* _Stored data entries_

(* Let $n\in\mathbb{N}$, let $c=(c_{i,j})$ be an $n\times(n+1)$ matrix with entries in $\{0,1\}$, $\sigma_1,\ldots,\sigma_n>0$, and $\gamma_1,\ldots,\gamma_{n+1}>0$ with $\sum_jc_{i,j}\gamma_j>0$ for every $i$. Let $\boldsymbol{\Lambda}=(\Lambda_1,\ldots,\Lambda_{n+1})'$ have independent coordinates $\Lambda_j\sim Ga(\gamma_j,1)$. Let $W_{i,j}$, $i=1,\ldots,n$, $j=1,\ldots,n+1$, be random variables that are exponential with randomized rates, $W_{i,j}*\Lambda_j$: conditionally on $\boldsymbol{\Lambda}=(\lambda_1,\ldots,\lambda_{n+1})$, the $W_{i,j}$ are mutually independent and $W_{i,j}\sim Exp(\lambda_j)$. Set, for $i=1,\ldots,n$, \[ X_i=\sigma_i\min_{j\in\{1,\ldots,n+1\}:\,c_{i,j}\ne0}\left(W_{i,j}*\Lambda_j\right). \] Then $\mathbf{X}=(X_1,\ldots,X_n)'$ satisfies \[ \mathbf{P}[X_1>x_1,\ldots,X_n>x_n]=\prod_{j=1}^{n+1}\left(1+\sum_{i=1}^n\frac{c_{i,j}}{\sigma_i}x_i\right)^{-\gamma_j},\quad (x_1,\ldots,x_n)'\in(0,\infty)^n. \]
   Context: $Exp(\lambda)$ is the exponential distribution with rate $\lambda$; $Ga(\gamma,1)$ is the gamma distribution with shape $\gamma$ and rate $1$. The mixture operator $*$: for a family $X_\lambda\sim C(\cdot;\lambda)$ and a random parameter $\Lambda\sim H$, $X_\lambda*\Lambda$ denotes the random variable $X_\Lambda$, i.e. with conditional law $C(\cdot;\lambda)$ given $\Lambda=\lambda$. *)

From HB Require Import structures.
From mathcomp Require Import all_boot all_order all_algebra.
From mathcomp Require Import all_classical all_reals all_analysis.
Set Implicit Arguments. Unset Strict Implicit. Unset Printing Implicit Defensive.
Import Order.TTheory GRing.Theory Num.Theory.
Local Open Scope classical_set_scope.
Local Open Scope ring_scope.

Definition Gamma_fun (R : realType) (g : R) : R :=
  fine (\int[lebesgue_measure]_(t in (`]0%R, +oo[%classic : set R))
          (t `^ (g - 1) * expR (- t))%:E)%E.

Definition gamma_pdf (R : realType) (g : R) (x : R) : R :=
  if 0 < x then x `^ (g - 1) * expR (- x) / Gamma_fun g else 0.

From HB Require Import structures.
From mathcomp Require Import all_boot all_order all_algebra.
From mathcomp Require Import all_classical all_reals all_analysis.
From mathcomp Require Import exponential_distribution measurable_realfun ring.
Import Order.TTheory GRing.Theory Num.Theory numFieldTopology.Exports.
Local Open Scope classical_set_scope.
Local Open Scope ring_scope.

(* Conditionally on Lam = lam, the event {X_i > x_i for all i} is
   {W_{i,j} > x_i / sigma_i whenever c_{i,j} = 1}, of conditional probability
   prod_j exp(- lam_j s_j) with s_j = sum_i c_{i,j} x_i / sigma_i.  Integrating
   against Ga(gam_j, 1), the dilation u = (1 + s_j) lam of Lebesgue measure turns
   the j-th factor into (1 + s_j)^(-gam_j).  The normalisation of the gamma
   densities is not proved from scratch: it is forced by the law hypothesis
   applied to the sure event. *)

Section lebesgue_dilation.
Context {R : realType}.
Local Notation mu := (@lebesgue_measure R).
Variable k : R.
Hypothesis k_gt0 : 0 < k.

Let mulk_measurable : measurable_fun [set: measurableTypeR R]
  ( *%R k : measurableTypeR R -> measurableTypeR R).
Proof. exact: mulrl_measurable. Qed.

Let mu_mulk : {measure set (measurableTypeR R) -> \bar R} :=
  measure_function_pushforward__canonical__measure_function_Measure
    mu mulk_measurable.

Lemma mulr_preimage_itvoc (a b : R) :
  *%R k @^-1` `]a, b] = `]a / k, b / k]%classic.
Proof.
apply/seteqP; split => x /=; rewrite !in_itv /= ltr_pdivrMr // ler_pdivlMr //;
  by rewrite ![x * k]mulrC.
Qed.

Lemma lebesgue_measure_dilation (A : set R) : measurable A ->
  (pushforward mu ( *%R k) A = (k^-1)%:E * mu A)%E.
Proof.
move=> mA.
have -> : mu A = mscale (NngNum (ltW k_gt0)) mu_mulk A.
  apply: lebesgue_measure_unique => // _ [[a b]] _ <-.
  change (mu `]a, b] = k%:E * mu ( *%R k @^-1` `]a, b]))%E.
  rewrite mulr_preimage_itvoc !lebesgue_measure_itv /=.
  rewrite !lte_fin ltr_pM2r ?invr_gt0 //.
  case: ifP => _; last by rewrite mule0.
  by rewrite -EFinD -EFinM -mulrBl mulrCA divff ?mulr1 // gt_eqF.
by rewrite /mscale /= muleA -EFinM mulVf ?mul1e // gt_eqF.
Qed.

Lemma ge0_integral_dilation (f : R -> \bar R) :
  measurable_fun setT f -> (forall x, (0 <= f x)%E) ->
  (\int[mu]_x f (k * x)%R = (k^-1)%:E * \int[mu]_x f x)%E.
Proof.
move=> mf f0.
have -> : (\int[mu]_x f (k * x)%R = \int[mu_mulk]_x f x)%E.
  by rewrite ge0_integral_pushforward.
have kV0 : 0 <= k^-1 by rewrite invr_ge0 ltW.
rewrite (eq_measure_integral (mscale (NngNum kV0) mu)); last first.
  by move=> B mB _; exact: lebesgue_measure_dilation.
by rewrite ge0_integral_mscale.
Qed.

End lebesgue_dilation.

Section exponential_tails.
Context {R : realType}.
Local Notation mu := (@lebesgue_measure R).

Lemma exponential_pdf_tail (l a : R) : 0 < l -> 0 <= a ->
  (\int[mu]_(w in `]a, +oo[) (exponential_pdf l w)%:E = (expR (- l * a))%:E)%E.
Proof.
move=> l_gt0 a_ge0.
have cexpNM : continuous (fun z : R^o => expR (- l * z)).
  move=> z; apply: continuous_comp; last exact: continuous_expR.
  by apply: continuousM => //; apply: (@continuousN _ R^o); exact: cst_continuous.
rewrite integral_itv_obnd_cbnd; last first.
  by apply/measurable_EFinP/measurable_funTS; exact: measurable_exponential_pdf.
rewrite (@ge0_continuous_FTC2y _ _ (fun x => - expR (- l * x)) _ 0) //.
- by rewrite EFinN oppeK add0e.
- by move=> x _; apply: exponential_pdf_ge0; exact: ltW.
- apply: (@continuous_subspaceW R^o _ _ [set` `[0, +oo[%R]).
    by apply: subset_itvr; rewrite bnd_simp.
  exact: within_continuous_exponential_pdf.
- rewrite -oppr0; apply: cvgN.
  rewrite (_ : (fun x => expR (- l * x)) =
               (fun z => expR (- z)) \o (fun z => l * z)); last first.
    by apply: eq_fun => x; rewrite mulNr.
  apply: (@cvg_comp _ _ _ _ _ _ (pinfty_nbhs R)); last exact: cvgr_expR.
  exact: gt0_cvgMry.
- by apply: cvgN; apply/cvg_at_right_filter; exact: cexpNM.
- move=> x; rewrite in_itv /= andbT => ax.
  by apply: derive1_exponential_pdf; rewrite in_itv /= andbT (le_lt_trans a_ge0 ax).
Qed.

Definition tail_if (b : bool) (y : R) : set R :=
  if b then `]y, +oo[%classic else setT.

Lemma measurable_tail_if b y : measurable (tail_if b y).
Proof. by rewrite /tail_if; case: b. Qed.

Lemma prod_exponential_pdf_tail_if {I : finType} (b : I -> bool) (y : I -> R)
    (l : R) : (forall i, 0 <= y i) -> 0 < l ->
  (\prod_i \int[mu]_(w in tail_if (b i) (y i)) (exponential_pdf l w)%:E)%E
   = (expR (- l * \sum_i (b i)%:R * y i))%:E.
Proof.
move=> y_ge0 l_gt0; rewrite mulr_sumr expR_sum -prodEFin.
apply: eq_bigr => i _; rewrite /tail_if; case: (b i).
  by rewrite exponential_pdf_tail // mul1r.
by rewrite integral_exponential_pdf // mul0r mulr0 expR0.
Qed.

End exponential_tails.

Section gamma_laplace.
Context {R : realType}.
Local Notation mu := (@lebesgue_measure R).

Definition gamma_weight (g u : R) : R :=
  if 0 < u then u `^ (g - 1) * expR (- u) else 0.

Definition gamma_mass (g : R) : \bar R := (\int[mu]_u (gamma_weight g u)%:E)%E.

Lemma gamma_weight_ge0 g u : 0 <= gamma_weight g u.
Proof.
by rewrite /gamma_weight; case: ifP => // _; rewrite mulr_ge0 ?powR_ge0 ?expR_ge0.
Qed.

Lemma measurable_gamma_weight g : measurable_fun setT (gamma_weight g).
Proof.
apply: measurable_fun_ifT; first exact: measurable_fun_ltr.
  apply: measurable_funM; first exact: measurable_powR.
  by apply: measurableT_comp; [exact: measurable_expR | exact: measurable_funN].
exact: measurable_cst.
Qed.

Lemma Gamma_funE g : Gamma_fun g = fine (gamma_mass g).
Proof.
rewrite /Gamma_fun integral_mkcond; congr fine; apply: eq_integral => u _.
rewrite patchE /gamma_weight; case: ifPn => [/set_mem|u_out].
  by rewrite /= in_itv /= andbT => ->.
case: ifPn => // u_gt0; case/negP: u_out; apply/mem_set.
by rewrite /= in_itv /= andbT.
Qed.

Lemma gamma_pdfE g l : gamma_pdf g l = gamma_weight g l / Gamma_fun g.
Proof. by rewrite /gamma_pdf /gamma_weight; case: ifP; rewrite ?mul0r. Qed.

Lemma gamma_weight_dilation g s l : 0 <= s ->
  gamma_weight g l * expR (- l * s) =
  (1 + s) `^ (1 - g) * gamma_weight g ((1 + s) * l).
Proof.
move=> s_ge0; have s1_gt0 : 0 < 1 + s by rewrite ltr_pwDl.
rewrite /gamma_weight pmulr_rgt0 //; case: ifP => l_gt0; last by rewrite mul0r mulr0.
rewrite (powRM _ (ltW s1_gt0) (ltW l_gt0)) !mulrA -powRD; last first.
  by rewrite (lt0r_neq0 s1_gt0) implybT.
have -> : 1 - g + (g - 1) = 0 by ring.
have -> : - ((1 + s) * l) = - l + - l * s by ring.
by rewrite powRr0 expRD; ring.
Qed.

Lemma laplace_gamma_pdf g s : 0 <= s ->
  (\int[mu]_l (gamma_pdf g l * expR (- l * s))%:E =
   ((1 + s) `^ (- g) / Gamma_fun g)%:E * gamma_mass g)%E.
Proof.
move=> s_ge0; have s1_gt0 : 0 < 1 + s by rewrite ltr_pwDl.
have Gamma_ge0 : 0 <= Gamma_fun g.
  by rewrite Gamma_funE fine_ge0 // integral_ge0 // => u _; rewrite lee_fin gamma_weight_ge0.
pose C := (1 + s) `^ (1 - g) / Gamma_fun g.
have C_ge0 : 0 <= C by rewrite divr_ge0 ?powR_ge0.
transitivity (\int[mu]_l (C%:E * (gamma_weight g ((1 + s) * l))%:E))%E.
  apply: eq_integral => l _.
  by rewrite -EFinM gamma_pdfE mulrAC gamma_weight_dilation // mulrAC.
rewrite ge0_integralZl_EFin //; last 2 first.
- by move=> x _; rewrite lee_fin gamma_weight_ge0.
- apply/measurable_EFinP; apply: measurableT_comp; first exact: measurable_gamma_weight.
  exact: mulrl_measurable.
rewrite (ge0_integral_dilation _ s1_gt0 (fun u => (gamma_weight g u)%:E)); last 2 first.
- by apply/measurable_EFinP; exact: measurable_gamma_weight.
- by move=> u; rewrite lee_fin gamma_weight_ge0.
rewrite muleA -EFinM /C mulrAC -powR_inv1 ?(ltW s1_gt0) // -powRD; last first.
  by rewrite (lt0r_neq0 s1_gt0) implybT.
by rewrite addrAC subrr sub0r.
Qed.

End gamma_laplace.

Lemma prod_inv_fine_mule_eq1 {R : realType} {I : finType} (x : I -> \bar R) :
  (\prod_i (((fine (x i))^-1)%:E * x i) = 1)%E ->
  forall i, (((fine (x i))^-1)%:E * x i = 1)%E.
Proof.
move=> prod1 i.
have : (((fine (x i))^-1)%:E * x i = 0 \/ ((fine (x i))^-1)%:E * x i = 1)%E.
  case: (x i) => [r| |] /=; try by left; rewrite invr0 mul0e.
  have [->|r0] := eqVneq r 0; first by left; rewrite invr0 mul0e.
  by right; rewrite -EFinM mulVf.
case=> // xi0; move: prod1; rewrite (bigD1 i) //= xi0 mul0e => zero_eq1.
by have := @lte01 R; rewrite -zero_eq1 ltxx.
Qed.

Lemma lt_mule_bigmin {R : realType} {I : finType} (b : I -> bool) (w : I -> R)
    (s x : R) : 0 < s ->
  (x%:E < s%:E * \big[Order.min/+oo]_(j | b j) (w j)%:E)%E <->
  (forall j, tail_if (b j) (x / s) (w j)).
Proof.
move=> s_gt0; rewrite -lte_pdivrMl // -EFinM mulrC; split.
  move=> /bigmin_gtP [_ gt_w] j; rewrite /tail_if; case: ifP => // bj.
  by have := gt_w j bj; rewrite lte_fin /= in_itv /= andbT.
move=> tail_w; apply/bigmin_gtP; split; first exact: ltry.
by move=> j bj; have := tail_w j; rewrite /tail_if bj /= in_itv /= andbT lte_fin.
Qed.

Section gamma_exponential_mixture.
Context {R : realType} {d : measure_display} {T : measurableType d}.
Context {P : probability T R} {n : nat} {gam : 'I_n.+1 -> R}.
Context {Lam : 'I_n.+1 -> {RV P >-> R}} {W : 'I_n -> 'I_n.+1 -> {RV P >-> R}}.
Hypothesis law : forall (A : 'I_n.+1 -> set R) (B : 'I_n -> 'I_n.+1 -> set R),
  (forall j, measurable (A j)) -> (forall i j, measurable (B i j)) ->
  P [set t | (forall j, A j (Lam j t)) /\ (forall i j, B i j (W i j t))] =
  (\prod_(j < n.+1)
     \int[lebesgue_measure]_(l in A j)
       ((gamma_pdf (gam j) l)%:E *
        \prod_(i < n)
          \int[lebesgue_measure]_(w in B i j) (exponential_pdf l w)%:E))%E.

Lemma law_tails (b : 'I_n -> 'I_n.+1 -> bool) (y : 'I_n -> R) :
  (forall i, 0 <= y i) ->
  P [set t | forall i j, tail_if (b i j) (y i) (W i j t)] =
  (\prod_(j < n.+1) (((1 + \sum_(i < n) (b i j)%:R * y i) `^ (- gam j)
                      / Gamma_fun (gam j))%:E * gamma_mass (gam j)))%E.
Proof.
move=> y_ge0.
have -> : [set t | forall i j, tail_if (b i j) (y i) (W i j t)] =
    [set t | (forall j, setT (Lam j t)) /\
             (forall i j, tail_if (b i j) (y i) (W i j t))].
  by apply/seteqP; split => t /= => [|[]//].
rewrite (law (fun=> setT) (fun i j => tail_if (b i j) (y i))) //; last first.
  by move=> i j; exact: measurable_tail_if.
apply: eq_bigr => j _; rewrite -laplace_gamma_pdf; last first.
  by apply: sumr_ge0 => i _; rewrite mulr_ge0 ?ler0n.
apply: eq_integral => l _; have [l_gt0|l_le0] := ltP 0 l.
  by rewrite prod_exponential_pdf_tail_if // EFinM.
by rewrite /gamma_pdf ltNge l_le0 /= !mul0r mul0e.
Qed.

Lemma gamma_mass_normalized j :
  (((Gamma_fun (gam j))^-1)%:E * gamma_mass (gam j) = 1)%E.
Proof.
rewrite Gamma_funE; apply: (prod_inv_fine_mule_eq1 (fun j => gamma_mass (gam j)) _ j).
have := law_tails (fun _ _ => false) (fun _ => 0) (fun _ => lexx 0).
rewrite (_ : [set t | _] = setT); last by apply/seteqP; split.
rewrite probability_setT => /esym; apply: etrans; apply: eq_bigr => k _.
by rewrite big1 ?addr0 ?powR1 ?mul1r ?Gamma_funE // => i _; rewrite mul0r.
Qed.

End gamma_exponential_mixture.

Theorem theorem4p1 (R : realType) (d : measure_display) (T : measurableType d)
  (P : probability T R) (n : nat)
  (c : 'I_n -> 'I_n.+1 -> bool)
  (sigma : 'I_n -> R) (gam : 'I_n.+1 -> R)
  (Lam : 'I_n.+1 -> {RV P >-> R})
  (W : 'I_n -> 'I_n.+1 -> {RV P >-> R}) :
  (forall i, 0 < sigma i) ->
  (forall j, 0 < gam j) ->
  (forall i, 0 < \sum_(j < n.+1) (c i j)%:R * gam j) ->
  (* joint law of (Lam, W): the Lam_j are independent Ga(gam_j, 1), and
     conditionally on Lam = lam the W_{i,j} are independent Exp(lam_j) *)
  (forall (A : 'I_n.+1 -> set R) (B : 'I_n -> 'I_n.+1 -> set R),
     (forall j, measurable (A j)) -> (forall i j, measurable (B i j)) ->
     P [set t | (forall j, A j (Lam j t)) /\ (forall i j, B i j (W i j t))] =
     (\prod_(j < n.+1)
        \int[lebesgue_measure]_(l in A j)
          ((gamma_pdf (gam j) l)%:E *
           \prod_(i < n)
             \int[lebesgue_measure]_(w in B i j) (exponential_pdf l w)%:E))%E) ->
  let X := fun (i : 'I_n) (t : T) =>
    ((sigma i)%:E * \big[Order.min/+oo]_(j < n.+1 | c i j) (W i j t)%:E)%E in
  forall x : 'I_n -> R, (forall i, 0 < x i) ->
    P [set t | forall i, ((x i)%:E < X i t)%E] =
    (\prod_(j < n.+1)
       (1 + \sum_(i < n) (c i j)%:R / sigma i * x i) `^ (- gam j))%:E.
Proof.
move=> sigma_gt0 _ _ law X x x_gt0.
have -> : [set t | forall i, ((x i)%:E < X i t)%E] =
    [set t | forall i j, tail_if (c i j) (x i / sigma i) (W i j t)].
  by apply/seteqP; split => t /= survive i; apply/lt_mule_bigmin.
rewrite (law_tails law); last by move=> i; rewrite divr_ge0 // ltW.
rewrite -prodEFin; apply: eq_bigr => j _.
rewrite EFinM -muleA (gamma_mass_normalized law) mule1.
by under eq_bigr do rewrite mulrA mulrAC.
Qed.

* _ABOUT THIS TASK_
With "finType" as the string to match, show every line of the entries above that has it.

* _RESULT_
Lemma prod_exponential_pdf_tail_if {I : finType} (b : I -> bool) (y : I -> R)
Lemma prod_inv_fine_mule_eq1 {R : realType} {I : finType} (x : I -> \bar R) :
Lemma lt_mule_bigmin {R : realType} {I : finType} (b : I -> bool) (w : I -> R)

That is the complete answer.